Saver avoids LTA charge after receiving poor advice

The tribunal found Gammell only became aware that he could make a late application in August 2016. 

Given that it takes time to appoint a new adviser, and ignoring the month lost by illness of the staff member of the former adviser, the period of three months between August 2016 and December 2016 when the late application was submitted to HMRC, was in its view “sufficiently diligent and expeditious”.

Therefore the appeal was allowed.

At Budget this year, chancellor Rishi Sunak said the LTA will stay at its current level of £1,073,100 until April 2026, instead of increasing in line with the consumer price index. 

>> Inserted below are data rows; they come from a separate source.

(* Let $G=(V,E)$ be a finite simple undirected graph, $k\ge1$ an integer, $S\subseteq V$ a $k$-plex, and $C\subseteq V$ with $C\cap S=\emptyset$. Let $v\in C$. Initialize $\mathrm{sup}(w)=k-|\overline{N}_w(S)|$ for each $w\in S$ and $D=N(v)\cap C$. Process the vertices $u\in N(v)\cap C$ one at a time in an arbitrary order; when processing $u$: if $\overline{N}_u(S)=\emptyset$, keep $u$ in $D$; otherwise choose $w\in\overline{N}_u(S)$ with $\mathrm{sup}(w)\le \mathrm{sup}(w')$ for all $w'\in\overline{N}_u(S)$ (ties broken arbitrarily), and if $\mathrm{sup}(w)>0$ decrease $\mathrm{sup}(w)$ by $1$ (keeping $u$ in $D$), while if $\mathrm{sup}(w)\le 0$ remove $u$ from $D$. Let $D$ be the resulting set after all vertices have been processed. Then every $k$-plex $S'$ with $S\cup\{v\}\subseteq S'\subseteq S\cup C$ satisfies $$|S'|\le |S|+k-|\overline{N}_v(S)|+|D|.$$
   Context: $N(x)$ denotes the set of neighbors of $x$ in $G$ ($x\notin N(x)$). For $x\in V$ and $T\subseteq V$, $\overline{N}_x(T)=T\setminus N(x)$ is the set of non-neighbors of $x$ in $T$; if $x\in T$ then $x\in\overline{N}_x(T)$. A set $T\subseteq V$ is a $k$-plex if every vertex $u\in T$ satisfies $|N(u)\cap T|\ge |T|-k$ (equivalently $|\overline{N}_u(T)|\le k$). *)

From mathcomp Require Import all_boot all_order all_algebra.
Set Implicit Arguments. Unset Strict Implicit. Unset Printing Implicit Defensive.
Import Order.TTheory GRing.Theory Num.Theory.

Definition simple_graph (T : finType) (e : rel T) : Prop :=
  symmetric e /\ irreflexive e.

Definition nbhd (T : finType) (e : rel T) (x : T) : {set T} := [set y | e x y].

Definition nonnbhd (T : finType) (e : rel T) (x : T) (A : {set T}) : {set T} :=
  A :\: nbhd e x.

(* A is a k-plex: every u in A has at most k non-neighbours in A (u included). *)
Definition kplex (T : finType) (e : rel T) (k : nat) (A : {set T}) : Prop :=
  forall u, u \in A -> #|nonnbhd e u A| <= k.

Definition sup_dec (T : finType) (sup : T -> int) (w : T) : T -> int :=
  fun x => if x == w then (sup x - 1)%R else sup x.

(* greedy_run e S sup D us sup' D' : processing the vertices of the list us in
   order, starting from state (sup, D), can end in state (sup', D'), where each
   step follows the rule of the paper; ties in the choice of w are arbitrary
   (any minimiser may be chosen), which is why this is a relation. *)
Inductive greedy_run (T : finType) (e : rel T) (S : {set T})
  : (T -> int) -> {set T} -> seq T -> (T -> int) -> {set T} -> Prop :=
| run_nil sup D : greedy_run e S sup D [::] sup D
| run_empty sup D u us sup' D' :
    nonnbhd e u S = set0 ->
    greedy_run e S sup D us sup' D' ->
    greedy_run e S sup D (u :: us) sup' D'
| run_dec sup D u us w sup' D' :
    w \in nonnbhd e u S ->
    (forall w', w' \in nonnbhd e u S -> (sup w <= sup w')%R) ->
    (0 < sup w)%R ->
    greedy_run e S (sup_dec sup w) D us sup' D' ->
    greedy_run e S sup D (u :: us) sup' D'
| run_remove sup D u us w sup' D' :
    w \in nonnbhd e u S ->
    (forall w', w' \in nonnbhd e u S -> (sup w <= sup w')%R) ->
    (sup w <= 0)%R ->
    greedy_run e S sup (D :\ u) us sup' D' ->
    greedy_run e S sup D (u :: us) sup' D'.

Definition sup_init (T : finType) (e : rel T) (k : nat) (S : {set T}) : T -> int :=
  fun w => (k%:Z - (#|nonnbhd e w S|)%:Z)%R.

From mathcomp Require Import all_boot all_order all_algebra.
From mathcomp Require Import zify.
Import Order.TTheory GRing.Theory Num.Theory.
Set Implicit Arguments. Unset Strict Implicit. Unset Printing Implicit Defensive.

(* Let A be the vertices of S' in N(v) \cap C.  For w in S, the k-plex S'
   contains the disjoint sets S and A, so #|Nbar_w(S)| + #|Nbar_w(A)| <= k:
   at most sup(w) vertices of A miss w.  By induction on the run, any A
   obeying these capacities has at most as many vertices as the run keeps:
   a kept vertex u is charged to the capacity it decrements, and a removed u
   (whose chosen w has sup(w) <= 0) cannot lie in A.  Hence
   |S'| <= |S \cap N(v)| + |A| + |Nbar_v(S')| <= |S \cap N(v)| + |D| + k. *)

Definition nonadj_count (T : finType) (e : rel T) (S A : {set T}) (w : T) :=
  #|[set u in A | w \in nonnbhd e u S]|.

Section GreedyRun.

Variables (T : finType) (e : rel T) (S : {set T}).

Implicit Types (A B D : {set T}) (u w x : T) (us : seq T).

Local Notation cnt := (nonadj_count e S).

Lemma nonadj_countS A B w : A \subset B -> cnt A w <= cnt B w.
Proof.
move=> sAB; apply: subset_leq_card; apply/subsetP=> x; rewrite !inE.
by case/andP=> /(subsetP sAB) -> ->.
Qed.

Lemma nonadj_countD1 A u w :
  u \in A -> w \in nonnbhd e u S -> cnt A w = (cnt (A :\ u) w).+1.
Proof.
move=> Au wu; rewrite /nonadj_count (cardsD1 u) inE Au wu; congr _.+1.
by apply: eq_card => x; rewrite !inE andbA.
Qed.

(* Remove u if it lies in A, else some vertex of A missing w if there is one;
   the truncated predecessor covers the case where no vertex of A misses w. *)
Lemma nonadj_count_drop A u w : w \in nonnbhd e u S ->
  exists2 A' : {set T}, A' \subset A :\ u &
    #|A| <= #|A'|.+1 /\ cnt A' w <= (cnt A w).-1.
Proof.
move=> wu; have [Au | uA] := boolP (u \in A).
  exists (A :\ u) => //; split; first by rewrite (cardsD1 u A) Au.
  by rewrite (nonadj_countD1 Au wu).
have [B0 | [x]] := set_0Vmem [set x in A | w \in nonnbhd e x S].
  exists A; first by rewrite subsetD1 subxx uA.
  by split=> //; rewrite /nonadj_count B0 cards0.
rewrite inE => /andP[Ax wx]; exists (A :\ x).
  by rewrite subsetD1 subsetDl !inE (negbTE uA) andbF.
by split; [rewrite (cardsD1 x A) Ax | rewrite (nonadj_countD1 Ax wx)].
Qed.

Lemma greedy_run_notin sup D us sup' D' x :
  greedy_run e S sup D us sup' D' -> x \notin us -> (x \in D') = (x \in D).
Proof.
elim=> // {}sup {}D u {}us.
- by move=> ? ? _ _ IH; rewrite inE negb_or => /andP[_ /IH].
- by move=> ? ? ? _ _ _ _ IH; rewrite inE negb_or => /andP[_ /IH].
- move=> ? ? ? _ _ _ _ IH; rewrite inE negb_or => /andP[xu /IH ->].
  by rewrite !inE xu.
Qed.

Lemma card_setI_cons D u us : u \in D -> u \notin us ->
  #|D :&: [set:: u :: us]| = (#|D :&: [set:: us]|).+1.
Proof.
move=> uD uus; rewrite set_cons setIUr (setIidPr _) ?sub1set //.
by rewrite cardsU1 !inE (negbTE uus) andbF.
Qed.

Lemma card_setI_consS D u us :
  #|D :&: [set:: us]| <= #|D :&: [set:: u :: us]|.
Proof. by rewrite set_cons; apply/subset_leq_card/setIS/subsetUr. Qed.

Lemma subsetD1_cons A u us :
  A \subset [set:: u :: us] -> A :\ u \subset [set:: us].
Proof.
move=> sA; apply/subsetP=> x; rewrite !inE => /andP[xu /(subsetP sA)].
by rewrite set_cons !inE (negbTE xu).
Qed.

Lemma greedy_run_capacity sup D us sup' D' :
  greedy_run e S sup D us sup' D' -> uniq us -> {subset us <= D} ->
  forall A, A \subset [set:: us] ->
  (forall w, w \in S -> (cnt A w)%:Z <= sup w)%R ->
  #|A| <= #|D' :&: [set:: us]|.
Proof.
elim=> [{}sup {}D | {}sup {}D u {}us {}sup' {}D' _ run IH
  | {}sup {}D u {}us w {}sup' {}D' wu _ sup_w run IH
  | {}sup {}D u {}us w {}sup' {}D' wu _ sup_w run IH].
- by move=> _ _ A; rewrite set_nil subset0 => /eqP ->; rewrite cards0.
- move=> /andP[uus uniq_us] usD A sA capA.
  rewrite card_setI_cons ?(greedy_run_notin run) ?usD ?mem_head //.
  apply: leq_trans (_ : #|A| <= #|A :\ u|.+1) _.
    by rewrite (cardsD1 u A); case: (u \in A).
  rewrite ltnS; apply: IH => //; last first.
  + by move=> w' w'S; apply: le_trans (capA w' w'S); rewrite lez_nat nonadj_countS ?subsetDl.
  + exact: subsetD1_cons.
  by move=> x xus; apply: usD; rewrite inE xus orbT.
- move=> /andP[uus uniq_us] usD A sA capA.
  rewrite card_setI_cons ?(greedy_run_notin run) ?usD ?mem_head //.
  have [A' sA' [cardA' cntA']] := nonadj_count_drop A wu.
  apply: leq_trans cardA' _; rewrite ltnS; apply: IH => //.
  + by move=> x xus; apply: usD; rewrite inE xus orbT.
  + exact: subset_trans sA' (subsetD1_cons sA).
  have sAA' : A' \subset A by apply: subset_trans sA' (subsetDl _ _).
  move=> w' w'S; rewrite /sup_dec; case: eqP => [-> | _].
    by have := capA w (subsetP (subsetDl _ _) w wu); lia.
  by apply: le_trans (capA w' w'S); rewrite lez_nat nonadj_countS.
- move=> /andP[uus uniq_us] usD A sA capA.
  have uA : u \notin A.
    apply/negP=> uA; have := capA w (subsetP (subsetDl _ _) w wu).
    by rewrite (nonadj_countD1 uA wu); lia.
  apply: leq_trans (card_setI_consS _ u _); apply: IH => //.
    move=> x xus; rewrite !inE usD ?inE ?xus ?orbT // andbT.
    by apply: contraNneq uus => <-.
  by apply: subset_trans (subsetD1_cons sA); rewrite subsetD1 subxx uA.
Qed.

End GreedyRun.

Lemma nonadj_count_le_nonnbhd (T : finType) (e : rel T) (S A : {set T}) w :
  symmetric e -> nonadj_count e S A w <= #|nonnbhd e w A|.
Proof.
move=> esym; apply/subset_leq_card/subsetP=> u; rewrite !inE esym.
by case/andP=> Au /andP[-> _]; rewrite Au.
Qed.

Lemma card_nonnbhdU (T : finType) (e : rel T) (S A : {set T}) w :
  S :&: A = set0 ->
  #|nonnbhd e w (S :|: A)| = #|nonnbhd e w S| + #|nonnbhd e w A|.
Proof.
move=> SA0; rewrite /nonnbhd setDUl -cardsUI.
suff -> : (S :\: nbhd e w) :&: (A :\: nbhd e w) = set0 by rewrite cards0 addn0.
by apply/eqP; rewrite -subset0 -SA0 setISS ?subsetDl.
Qed.

Lemma kplex_nonadj_count (T : finType) (e : rel T) k (S A S' : {set T}) w :
  symmetric e -> kplex e k S' -> S :|: A \subset S' -> S :&: A = set0 ->
  w \in S -> #|nonnbhd e w S| + nonadj_count e S A w <= k.
Proof.
move=> esym kS' sSA SA0 wS; apply: leq_trans (kS' w _); last first.
  by apply: (subsetP sSA); rewrite inE wS.
apply: (@leq_trans #|nonnbhd e w (S :|: A)|); last exact/subset_leq_card/setSD.
by rewrite card_nonnbhdU // leq_add2l nonadj_count_le_nonnbhd.
Qed.

Lemma card_split_nbhd (T : finType) (e : rel T) (S C S' : {set T}) v :
  S' \subset S :|: C ->
  #|S'| <= #|S :&: nbhd e v| + #|S' :&: (nbhd e v :&: C)| + #|nonnbhd e v S'|.
Proof.
move=> sS'; rewrite -(cardsID (nbhd e v) S') leq_add2r -cardsUI.
apply/leq_trans/leq_addr/subset_leq_card/subsetP=> x; rewrite !inE.
case/andP=> xS' xv; have := subsetP sS' x xS'; rewrite !inE xv xS' /=.
by case/orP=> ->; rewrite ?orbT.
Qed.

Theorem lemma6 (T : finType) (e : rel T) (k : nat) (S C : {set T}) (v : T)
  (ord : seq T) (supf : T -> int) (D : {set T}) :
  simple_graph e ->
  1 <= k ->
  kplex e k S ->
  C :&: S = set0 ->
  v \in C ->
  uniq ord ->
  (forall x, (x \in ord) = (x \in nbhd e v :&: C)) ->
  greedy_run e S (sup_init e k S) (nbhd e v :&: C) ord supf D ->
  forall S' : {set T},
    kplex e k S' -> v |: S \subset S' -> S' \subset S :|: C ->
    ((#|S'|)%:Z <= (#|S|)%:Z + k%:Z - (#|nonnbhd e v S|)%:Z + (#|D|)%:Z)%R.
Proof.
move=> [esym _] _ _ CS0 _ uniq_ord ord_def run S' kS' svS' sS'.
set A := S' :&: (nbhd e v :&: C).
have SA0 : S :&: A = set0.
  apply/setP=> x; move/setP: CS0 => /(_ x); rewrite !inE.
  by case: (x \in C); case: (x \in S); rewrite ?andbF.
have sSA : S :|: A \subset S'.
  by rewrite subUset subsetIl andbT; apply: subset_trans svS'; apply: subsetUr.
have capA w : w \in S -> ((nonadj_count e S A w)%:Z <= sup_init e k S w)%R.
  move=> wS; have := kplex_nonadj_count esym kS' sSA SA0 wS.
  by rewrite /sup_init; lia.
have cardA : #|A| <= #|D|.
  apply: leq_trans (greedy_run_capacity run uniq_ord _ _ capA) _.
  - by move=> x; rewrite ord_def.
  - by apply/subsetP=> x; rewrite !inE ord_def !inE => /andP[_].
  - exact/subset_leq_card/subsetIl.
have := card_split_nbhd e v sS'; rewrite -/A.
have := kS' v (subsetP svS' v (setU11 v S)).
have := cardsID (nbhd e v) S; rewrite /nonnbhd; lia.
Qed.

John Hood, a tax partner at Moore Kingston Smith, said: “The frozen pension lifetime allowance will cause more prudent savers to exceed the allowance and suffer 60 per cent tax rates on their pensions.

“Well advised savers can avoid this tax charge by claiming protection for their pension but only if they do so within time limits which HMRC strictly enforce.”

He added: “Mr Gammell missed the relevant time limit and was potentially facing a large liability on his lifetime’s savings. The first-tier tax tribunal has come to his rescue by allowing his claim to be made late as his financial advisor had let him down which was viewed as a reasonable excuse. 

“Crucially, that there was no unreasonable delay on his part once he became aware of the problem.”